(Recorded data)
* * *
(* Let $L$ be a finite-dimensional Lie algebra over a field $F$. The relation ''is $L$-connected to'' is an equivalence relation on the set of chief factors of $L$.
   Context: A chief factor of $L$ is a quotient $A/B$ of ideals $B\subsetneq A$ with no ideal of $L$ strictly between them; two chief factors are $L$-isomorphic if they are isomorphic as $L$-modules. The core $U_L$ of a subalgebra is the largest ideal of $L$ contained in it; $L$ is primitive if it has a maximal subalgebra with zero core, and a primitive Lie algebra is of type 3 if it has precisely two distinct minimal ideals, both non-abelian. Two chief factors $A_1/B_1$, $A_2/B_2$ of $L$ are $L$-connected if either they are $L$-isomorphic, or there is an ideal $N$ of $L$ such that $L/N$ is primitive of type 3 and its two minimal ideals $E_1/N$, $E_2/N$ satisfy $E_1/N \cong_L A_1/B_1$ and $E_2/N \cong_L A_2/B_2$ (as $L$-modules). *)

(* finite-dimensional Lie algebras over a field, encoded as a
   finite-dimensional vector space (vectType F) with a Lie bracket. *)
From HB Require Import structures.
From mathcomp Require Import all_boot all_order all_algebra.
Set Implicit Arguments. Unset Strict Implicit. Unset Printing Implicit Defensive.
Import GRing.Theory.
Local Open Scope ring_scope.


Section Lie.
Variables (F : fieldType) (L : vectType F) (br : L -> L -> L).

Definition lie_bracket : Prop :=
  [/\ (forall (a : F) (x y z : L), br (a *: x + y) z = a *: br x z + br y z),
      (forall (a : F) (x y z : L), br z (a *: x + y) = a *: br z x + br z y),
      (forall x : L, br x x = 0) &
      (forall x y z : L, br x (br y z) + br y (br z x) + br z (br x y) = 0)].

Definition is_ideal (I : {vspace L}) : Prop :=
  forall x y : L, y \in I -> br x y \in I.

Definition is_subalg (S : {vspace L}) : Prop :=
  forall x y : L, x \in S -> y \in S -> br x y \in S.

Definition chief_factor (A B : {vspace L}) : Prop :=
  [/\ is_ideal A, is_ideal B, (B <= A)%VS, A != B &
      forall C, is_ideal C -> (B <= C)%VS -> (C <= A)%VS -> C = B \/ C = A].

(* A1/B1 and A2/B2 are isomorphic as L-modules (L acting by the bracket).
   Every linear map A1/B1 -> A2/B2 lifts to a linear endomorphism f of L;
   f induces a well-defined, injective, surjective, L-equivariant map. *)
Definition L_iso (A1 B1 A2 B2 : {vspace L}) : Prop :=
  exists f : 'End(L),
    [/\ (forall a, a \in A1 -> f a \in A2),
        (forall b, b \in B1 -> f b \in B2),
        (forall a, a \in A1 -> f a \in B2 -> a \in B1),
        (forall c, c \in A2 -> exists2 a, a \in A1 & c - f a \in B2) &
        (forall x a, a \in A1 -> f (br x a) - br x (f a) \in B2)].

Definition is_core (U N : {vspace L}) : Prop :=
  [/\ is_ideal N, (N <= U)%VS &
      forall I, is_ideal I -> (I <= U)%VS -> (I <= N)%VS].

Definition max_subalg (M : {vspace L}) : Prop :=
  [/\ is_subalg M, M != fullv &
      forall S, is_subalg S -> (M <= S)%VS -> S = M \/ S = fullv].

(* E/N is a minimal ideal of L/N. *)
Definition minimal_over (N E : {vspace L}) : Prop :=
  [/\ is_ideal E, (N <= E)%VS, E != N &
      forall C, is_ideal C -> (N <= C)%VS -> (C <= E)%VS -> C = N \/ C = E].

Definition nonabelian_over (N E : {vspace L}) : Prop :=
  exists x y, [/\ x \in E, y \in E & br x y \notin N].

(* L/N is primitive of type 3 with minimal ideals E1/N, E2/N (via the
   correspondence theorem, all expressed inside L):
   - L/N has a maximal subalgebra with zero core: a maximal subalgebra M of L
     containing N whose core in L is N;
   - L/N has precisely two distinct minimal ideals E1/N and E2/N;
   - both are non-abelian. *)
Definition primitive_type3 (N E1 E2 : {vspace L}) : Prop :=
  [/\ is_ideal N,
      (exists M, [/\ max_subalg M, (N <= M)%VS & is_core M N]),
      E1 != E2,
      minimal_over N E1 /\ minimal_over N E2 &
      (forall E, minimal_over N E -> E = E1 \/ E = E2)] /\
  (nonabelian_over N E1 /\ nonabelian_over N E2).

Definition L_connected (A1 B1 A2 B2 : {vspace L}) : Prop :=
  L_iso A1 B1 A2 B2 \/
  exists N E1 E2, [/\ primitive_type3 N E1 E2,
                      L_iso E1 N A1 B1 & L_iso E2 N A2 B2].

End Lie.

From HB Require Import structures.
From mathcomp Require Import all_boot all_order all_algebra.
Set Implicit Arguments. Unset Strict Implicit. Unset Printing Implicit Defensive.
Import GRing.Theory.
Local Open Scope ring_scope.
* * *
**What needs to be done**. Scan the records above for the word "Prop" and return every line where it occurs.

**Answer box**.
Definition lie_bracket : Prop :=
Definition is_ideal (I : {vspace L}) : Prop :=
Definition is_subalg (S : {vspace L}) : Prop :=
Definition chief_factor (A B : {vspace L}) : Prop :=
Definition L_iso (A1 B1 A2 B2 : {vspace L}) : Prop :=
Definition is_core (U N : {vspace L}) : Prop :=
Definition max_subalg (M : {vspace L}) : Prop :=
Definition minimal_over (N E : {vspace L}) : Prop :=
Definition nonabelian_over (N E : {vspace L}) : Prop :=
Definition primitive_type3 (N E1 E2 : {vspace L}) : Prop :=
Definition L_connected (A1 B1 A2 B2 : {vspace L}) : Prop :=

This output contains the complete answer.